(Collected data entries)

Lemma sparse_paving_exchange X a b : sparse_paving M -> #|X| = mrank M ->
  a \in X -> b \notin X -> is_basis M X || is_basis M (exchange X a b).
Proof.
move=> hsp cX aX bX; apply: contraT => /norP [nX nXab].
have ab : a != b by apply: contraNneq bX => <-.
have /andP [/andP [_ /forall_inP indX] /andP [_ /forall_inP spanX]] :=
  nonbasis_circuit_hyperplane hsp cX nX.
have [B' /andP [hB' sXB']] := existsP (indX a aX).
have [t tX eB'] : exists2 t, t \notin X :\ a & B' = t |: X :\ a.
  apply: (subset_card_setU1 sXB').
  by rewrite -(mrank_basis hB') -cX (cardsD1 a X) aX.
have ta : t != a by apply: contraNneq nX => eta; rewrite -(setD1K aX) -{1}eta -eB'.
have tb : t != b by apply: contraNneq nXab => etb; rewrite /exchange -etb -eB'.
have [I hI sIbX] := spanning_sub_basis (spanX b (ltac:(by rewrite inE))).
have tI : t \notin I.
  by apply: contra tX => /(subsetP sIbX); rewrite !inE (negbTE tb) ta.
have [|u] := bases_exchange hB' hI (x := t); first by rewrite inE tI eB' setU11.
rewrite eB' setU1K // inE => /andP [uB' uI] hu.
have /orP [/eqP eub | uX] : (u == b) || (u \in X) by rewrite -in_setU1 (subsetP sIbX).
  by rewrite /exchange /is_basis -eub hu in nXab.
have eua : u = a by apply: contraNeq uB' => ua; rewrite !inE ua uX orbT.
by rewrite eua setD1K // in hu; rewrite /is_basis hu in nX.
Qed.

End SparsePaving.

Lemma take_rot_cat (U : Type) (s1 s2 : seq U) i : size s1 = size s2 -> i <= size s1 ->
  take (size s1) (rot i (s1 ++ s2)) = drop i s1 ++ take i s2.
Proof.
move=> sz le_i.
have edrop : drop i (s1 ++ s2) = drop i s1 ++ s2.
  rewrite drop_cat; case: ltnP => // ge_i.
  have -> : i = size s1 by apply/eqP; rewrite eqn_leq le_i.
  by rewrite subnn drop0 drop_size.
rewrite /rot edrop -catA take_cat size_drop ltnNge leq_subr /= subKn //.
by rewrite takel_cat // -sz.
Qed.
==
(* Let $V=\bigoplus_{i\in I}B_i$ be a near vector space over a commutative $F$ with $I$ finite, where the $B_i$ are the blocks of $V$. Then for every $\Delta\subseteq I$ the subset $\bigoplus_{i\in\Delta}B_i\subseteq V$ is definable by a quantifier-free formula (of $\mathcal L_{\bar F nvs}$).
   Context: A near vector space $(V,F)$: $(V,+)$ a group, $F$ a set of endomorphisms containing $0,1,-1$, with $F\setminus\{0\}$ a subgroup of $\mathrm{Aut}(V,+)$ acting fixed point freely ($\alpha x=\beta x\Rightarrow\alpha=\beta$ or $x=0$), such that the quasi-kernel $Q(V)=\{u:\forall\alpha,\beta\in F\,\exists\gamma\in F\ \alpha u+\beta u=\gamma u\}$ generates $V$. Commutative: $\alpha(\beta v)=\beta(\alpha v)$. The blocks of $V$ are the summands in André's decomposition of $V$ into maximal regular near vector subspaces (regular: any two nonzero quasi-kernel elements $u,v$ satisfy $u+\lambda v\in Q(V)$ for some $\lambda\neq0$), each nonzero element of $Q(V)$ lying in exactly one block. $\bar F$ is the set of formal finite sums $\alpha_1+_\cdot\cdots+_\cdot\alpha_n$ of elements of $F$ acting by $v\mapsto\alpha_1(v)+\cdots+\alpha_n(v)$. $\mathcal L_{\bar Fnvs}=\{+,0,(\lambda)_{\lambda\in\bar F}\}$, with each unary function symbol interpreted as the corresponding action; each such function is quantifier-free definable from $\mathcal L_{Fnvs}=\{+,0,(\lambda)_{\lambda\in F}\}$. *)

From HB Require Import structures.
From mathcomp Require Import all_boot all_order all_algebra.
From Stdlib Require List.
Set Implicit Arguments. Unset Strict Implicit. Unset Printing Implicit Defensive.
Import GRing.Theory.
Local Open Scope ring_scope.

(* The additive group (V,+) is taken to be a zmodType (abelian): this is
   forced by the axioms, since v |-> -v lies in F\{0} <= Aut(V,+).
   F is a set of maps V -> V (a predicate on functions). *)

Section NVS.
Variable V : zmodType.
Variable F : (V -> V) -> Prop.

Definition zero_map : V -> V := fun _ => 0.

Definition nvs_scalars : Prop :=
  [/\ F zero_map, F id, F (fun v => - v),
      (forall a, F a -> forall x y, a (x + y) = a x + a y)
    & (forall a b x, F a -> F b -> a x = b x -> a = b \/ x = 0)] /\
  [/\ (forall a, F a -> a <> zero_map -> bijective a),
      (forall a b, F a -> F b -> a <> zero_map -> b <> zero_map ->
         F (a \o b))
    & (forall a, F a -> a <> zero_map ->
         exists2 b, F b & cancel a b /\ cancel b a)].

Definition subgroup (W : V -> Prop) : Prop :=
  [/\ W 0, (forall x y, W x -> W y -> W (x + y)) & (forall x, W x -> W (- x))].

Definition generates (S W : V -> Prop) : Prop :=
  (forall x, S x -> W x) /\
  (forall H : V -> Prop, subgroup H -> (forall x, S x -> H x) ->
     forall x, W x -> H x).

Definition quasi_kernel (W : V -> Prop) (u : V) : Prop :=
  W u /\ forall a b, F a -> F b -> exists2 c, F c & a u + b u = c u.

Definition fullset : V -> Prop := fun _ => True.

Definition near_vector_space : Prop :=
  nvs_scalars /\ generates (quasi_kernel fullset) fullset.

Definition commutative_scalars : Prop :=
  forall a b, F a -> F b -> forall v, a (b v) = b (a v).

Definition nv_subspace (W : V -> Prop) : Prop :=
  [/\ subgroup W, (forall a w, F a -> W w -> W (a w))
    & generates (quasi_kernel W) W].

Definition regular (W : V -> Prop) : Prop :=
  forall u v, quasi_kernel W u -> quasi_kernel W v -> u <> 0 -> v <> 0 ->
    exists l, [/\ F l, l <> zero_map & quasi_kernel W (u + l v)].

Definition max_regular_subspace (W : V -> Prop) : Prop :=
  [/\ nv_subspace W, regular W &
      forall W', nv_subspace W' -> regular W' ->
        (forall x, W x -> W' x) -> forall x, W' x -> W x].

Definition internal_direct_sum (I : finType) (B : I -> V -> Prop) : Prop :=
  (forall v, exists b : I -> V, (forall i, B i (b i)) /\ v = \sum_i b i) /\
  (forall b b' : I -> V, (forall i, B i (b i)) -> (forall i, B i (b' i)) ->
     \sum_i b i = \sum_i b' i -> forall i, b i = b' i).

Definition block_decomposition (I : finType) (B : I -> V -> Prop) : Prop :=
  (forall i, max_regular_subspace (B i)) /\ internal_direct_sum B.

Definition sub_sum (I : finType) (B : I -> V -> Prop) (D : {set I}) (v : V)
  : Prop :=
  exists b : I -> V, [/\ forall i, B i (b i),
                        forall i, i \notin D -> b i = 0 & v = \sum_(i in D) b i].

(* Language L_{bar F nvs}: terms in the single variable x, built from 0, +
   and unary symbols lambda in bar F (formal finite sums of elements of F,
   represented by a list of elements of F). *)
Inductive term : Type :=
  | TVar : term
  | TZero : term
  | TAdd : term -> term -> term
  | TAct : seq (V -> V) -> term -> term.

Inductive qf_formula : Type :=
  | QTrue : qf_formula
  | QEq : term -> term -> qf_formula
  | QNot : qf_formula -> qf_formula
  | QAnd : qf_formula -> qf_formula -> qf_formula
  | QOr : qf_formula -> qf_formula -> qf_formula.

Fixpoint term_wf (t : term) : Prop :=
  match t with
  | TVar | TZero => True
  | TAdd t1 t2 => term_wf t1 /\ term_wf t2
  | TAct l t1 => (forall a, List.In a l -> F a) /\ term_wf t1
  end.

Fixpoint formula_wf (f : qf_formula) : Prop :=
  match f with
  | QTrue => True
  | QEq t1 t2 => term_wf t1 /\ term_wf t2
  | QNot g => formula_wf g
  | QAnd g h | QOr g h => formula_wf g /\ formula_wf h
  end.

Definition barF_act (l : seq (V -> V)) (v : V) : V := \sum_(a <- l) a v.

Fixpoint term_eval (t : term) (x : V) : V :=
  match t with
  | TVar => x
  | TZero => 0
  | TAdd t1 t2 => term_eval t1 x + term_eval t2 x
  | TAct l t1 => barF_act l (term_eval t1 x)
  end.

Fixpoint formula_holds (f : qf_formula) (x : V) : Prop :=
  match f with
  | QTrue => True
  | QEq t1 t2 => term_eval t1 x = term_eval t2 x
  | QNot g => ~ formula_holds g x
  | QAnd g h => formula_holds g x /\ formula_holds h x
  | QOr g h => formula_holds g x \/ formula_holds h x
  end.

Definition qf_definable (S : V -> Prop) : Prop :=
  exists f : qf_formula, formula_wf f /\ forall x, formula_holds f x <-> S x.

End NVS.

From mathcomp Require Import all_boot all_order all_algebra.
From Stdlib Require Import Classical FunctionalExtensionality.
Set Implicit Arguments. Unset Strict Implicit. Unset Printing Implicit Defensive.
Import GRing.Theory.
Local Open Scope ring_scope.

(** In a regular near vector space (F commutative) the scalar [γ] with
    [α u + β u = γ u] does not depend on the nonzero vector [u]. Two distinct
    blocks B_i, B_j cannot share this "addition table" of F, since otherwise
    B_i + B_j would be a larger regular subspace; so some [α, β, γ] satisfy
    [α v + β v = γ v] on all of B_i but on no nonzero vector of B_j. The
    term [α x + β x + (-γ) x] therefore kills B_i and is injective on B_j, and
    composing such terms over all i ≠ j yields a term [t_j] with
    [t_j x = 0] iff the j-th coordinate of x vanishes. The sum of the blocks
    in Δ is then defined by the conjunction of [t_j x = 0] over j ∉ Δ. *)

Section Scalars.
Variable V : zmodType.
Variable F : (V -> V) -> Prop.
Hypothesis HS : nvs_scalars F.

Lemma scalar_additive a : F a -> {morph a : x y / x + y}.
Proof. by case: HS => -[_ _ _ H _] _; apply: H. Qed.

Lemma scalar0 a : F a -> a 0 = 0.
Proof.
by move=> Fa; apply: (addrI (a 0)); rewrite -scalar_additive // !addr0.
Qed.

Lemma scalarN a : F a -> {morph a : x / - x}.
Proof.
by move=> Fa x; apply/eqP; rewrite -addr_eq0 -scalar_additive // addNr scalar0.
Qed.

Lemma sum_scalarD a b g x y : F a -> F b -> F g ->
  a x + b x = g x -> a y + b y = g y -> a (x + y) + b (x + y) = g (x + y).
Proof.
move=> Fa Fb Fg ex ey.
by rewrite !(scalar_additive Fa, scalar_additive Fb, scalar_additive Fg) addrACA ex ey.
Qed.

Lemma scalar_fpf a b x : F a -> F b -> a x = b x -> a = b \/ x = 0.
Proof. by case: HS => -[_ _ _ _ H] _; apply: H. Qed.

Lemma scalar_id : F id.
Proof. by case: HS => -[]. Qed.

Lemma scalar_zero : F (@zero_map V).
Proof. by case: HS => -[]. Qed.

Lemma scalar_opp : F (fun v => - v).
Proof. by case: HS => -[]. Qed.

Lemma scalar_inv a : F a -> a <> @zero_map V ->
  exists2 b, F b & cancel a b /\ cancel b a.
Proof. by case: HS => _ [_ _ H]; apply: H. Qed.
* * *
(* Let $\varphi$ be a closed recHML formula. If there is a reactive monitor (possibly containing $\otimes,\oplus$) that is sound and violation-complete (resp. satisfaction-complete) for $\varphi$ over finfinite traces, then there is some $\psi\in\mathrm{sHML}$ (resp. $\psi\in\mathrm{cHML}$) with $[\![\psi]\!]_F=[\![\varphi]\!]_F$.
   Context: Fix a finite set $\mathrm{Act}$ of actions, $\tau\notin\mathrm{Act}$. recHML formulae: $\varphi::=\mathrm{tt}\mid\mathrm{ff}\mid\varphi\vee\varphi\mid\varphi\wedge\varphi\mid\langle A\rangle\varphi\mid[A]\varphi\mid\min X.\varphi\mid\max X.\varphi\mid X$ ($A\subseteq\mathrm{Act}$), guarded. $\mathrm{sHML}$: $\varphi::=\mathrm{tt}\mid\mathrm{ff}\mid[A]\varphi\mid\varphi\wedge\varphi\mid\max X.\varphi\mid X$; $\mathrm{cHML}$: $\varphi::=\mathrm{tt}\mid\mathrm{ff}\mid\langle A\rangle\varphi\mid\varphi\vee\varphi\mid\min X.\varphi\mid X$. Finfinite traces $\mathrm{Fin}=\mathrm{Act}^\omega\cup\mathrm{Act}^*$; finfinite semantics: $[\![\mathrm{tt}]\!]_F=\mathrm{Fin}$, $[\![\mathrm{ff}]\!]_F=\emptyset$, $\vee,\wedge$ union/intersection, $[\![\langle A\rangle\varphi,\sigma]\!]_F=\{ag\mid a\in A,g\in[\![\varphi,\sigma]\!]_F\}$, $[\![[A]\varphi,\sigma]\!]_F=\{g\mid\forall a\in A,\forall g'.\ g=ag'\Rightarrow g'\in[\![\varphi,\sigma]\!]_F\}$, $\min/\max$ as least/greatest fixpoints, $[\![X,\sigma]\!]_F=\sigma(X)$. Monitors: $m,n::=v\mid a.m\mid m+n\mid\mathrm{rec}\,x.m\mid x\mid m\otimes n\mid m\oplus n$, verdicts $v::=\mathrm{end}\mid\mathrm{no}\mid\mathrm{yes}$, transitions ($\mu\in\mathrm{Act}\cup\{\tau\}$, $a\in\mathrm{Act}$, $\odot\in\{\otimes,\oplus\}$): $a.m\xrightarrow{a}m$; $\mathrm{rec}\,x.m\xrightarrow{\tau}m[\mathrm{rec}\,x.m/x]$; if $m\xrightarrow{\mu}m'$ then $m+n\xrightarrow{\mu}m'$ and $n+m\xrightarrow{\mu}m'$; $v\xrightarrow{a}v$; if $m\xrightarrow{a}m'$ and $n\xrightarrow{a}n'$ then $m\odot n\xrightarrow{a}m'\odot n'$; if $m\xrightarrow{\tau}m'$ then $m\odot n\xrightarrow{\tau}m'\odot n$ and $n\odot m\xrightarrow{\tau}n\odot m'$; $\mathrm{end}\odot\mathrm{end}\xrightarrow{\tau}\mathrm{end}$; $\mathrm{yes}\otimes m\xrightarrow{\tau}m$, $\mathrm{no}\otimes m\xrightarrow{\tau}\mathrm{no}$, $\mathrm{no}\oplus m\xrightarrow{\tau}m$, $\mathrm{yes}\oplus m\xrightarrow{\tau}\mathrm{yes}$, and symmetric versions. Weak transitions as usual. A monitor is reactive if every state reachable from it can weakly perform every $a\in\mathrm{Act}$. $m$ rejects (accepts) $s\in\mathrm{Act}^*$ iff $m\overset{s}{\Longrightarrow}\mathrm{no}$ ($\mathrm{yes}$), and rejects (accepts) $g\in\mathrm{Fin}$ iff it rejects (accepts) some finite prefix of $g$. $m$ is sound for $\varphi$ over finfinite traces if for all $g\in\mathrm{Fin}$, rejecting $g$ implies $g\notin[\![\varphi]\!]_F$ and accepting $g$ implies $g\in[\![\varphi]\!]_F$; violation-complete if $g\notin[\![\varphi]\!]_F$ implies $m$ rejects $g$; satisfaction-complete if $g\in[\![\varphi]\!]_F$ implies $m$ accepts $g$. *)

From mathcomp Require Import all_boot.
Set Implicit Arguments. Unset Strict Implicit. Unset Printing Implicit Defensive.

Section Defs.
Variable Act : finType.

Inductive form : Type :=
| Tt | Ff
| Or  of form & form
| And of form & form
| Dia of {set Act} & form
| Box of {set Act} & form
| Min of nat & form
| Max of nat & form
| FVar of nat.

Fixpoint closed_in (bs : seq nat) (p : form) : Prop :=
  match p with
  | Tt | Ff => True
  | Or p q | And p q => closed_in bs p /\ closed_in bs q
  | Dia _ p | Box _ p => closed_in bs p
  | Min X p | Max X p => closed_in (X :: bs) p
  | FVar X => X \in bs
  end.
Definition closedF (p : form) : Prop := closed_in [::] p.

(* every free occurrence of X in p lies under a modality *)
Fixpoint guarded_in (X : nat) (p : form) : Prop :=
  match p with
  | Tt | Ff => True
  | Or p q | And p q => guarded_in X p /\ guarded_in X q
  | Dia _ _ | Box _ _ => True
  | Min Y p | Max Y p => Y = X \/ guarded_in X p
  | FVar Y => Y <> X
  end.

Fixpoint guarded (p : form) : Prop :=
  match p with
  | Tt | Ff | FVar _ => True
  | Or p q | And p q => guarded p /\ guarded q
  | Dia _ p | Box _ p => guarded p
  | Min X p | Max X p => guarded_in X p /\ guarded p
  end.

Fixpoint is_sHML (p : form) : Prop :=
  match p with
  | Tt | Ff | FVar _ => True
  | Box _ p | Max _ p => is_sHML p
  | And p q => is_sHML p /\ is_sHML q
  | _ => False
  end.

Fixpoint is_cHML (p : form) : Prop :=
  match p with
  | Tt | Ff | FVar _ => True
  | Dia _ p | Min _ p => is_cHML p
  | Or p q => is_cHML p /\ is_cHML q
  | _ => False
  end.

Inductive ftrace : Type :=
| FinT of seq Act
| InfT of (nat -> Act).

**What needs to be done**
Your answer should consist of the lines from the line with "[t_j x = 0] iff" to the line with "Lemma sum_scalarD a" above, repeated exactly, both ends included.

**Reply to the exercise**
    [t_j x = 0] iff the j-th coordinate of x vanishes. The sum of the blocks
    in Δ is then defined by the conjunction of [t_j x = 0] over j ∉ Δ. *)

Section Scalars.
Variable V : zmodType.
Variable F : (V -> V) -> Prop.
Hypothesis HS : nvs_scalars F.

Lemma scalar_additive a : F a -> {morph a : x y / x + y}.
Proof. by case: HS => -[_ _ _ H _] _; apply: H. Qed.

Lemma scalar0 a : F a -> a 0 = 0.
Proof.
by move=> Fa; apply: (addrI (a 0)); rewrite -scalar_additive // !addr0.
Qed.

Lemma scalarN a : F a -> {morph a : x / - x}.
Proof.
by move=> Fa x; apply/eqP; rewrite -addr_eq0 -scalar_additive // addNr scalar0.
Qed.

Lemma sum_scalarD a b g x y : F a -> F b -> F g ->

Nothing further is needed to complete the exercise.